*** Begin section ***

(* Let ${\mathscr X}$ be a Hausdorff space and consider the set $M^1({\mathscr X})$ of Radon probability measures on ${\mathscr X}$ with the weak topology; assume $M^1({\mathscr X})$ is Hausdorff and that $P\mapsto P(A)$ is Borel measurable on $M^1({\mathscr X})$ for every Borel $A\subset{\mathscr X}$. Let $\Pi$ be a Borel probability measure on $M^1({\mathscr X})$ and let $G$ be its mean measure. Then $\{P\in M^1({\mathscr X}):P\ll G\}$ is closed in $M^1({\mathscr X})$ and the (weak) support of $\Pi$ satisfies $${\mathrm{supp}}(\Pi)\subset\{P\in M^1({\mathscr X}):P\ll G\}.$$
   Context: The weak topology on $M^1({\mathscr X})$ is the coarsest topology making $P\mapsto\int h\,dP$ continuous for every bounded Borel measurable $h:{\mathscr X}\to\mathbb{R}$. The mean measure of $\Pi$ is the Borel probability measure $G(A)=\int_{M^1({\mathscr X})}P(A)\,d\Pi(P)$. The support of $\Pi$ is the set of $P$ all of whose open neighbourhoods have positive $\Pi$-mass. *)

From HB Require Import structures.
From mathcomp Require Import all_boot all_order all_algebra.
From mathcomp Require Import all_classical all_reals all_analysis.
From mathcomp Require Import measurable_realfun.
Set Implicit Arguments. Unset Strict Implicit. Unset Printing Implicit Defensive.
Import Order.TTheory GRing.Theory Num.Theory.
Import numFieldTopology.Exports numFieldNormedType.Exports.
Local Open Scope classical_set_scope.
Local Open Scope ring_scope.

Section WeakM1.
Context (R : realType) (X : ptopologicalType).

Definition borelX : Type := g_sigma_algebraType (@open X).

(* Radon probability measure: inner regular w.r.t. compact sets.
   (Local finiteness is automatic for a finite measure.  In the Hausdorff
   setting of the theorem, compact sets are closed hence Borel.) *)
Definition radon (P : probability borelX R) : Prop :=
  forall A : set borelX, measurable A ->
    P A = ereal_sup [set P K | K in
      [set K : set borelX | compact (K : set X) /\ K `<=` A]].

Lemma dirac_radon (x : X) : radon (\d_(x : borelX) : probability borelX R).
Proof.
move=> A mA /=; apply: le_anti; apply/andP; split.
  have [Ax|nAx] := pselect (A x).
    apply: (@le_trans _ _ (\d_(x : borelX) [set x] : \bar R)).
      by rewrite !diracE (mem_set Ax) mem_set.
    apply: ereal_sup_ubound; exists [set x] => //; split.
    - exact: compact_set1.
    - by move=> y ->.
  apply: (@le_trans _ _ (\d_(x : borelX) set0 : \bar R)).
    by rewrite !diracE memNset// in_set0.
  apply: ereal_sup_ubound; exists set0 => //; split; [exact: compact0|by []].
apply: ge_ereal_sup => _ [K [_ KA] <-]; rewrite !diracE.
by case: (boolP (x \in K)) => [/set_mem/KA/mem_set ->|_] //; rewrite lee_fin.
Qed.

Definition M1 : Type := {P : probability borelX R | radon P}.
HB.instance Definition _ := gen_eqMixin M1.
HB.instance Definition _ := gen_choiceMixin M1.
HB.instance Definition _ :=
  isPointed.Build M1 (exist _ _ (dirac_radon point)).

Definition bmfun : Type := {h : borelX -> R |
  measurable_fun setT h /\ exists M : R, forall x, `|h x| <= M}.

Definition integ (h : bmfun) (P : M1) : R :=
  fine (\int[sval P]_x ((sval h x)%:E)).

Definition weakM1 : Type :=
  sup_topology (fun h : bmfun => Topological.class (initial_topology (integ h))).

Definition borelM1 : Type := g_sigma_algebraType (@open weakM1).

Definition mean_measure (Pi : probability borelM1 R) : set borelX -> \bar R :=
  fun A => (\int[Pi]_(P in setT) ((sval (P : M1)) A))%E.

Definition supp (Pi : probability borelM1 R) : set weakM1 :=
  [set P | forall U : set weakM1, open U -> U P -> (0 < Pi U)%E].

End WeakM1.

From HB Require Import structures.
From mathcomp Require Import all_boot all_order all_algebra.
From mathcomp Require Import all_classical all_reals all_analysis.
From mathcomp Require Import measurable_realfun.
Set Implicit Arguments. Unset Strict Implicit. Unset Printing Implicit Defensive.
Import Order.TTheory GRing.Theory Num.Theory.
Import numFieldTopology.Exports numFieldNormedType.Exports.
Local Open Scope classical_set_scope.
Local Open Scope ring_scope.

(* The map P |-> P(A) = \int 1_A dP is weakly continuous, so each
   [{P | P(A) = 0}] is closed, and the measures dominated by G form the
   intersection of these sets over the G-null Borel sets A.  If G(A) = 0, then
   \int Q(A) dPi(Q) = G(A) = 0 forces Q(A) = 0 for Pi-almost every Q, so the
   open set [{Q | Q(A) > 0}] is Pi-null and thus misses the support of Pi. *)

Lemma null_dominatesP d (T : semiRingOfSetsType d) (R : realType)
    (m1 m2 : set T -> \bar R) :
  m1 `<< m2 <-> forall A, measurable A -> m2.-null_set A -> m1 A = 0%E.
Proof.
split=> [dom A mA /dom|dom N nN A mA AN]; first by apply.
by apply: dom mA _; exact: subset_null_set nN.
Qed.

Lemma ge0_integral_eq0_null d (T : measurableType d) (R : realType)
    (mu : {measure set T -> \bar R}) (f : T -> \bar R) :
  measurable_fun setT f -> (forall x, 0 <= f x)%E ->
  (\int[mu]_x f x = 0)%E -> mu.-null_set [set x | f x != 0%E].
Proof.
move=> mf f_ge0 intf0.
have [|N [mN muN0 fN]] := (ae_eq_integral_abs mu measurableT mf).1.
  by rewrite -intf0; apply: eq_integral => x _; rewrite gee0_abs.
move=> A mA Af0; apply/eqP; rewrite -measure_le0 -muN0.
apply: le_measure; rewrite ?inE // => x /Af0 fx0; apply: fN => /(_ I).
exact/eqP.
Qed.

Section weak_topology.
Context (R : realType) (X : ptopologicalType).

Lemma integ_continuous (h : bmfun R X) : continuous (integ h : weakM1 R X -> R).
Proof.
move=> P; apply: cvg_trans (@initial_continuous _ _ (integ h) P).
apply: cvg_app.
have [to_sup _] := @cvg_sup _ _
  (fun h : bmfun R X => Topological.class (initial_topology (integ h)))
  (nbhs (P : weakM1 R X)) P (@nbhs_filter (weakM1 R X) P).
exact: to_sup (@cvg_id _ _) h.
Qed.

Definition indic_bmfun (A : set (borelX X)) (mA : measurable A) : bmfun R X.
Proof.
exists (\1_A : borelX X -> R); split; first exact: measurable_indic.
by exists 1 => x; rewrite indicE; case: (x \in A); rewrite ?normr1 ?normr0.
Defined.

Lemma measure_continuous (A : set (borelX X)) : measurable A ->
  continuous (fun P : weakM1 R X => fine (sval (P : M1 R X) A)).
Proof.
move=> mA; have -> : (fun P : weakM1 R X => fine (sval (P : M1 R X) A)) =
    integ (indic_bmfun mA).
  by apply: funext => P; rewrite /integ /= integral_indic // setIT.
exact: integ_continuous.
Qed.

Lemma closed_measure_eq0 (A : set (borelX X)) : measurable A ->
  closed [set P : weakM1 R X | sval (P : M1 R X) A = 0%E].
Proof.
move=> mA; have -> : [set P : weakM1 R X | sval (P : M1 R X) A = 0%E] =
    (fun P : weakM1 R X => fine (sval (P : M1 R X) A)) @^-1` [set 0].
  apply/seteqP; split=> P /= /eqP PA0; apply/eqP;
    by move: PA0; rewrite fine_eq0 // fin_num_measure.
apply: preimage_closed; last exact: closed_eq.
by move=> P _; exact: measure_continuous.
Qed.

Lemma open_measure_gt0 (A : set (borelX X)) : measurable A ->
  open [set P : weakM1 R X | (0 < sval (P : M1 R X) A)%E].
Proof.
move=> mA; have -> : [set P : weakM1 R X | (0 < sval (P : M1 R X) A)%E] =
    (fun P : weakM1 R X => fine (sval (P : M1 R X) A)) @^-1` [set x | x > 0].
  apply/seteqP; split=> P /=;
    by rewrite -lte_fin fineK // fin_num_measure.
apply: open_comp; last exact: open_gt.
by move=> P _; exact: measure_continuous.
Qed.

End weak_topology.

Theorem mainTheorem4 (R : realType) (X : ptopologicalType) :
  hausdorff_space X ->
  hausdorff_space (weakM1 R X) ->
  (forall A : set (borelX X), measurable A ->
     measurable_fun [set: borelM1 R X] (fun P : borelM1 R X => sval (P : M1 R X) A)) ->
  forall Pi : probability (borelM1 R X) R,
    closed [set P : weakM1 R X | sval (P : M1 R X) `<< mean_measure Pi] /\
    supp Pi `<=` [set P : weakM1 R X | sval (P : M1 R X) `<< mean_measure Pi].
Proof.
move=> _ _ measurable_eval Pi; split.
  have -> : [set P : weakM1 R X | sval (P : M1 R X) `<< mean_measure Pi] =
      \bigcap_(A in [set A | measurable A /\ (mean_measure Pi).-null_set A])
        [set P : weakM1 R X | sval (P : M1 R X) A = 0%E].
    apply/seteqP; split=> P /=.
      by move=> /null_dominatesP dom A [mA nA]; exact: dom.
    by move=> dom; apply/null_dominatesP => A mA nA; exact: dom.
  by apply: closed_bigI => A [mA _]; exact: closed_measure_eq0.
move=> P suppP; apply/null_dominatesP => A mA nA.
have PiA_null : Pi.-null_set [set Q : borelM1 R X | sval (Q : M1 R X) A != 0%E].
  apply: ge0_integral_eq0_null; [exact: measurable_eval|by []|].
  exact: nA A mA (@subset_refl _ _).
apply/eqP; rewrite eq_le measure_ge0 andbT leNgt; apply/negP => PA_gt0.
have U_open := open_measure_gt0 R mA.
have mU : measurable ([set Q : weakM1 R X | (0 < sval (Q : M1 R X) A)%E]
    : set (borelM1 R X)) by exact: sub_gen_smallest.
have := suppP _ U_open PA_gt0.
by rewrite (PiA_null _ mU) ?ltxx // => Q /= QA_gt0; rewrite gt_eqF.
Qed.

*** End section ***

Instructions to follow: Using the records above, copy word for word the line with "hausdorff_space X ->", the line with "mean_measure Pi] /\", and every line between them.

Answer box:
  hausdorff_space X ->
  hausdorff_space (weakM1 R X) ->
  (forall A : set (borelX X), measurable A ->
     measurable_fun [set: borelM1 R X] (fun P : borelM1 R X => sval (P : M1 R X) A)) ->
  forall Pi : probability (borelM1 R X) R,
    closed [set P : weakM1 R X | sval (P : M1 R X) `<< mean_measure Pi] /\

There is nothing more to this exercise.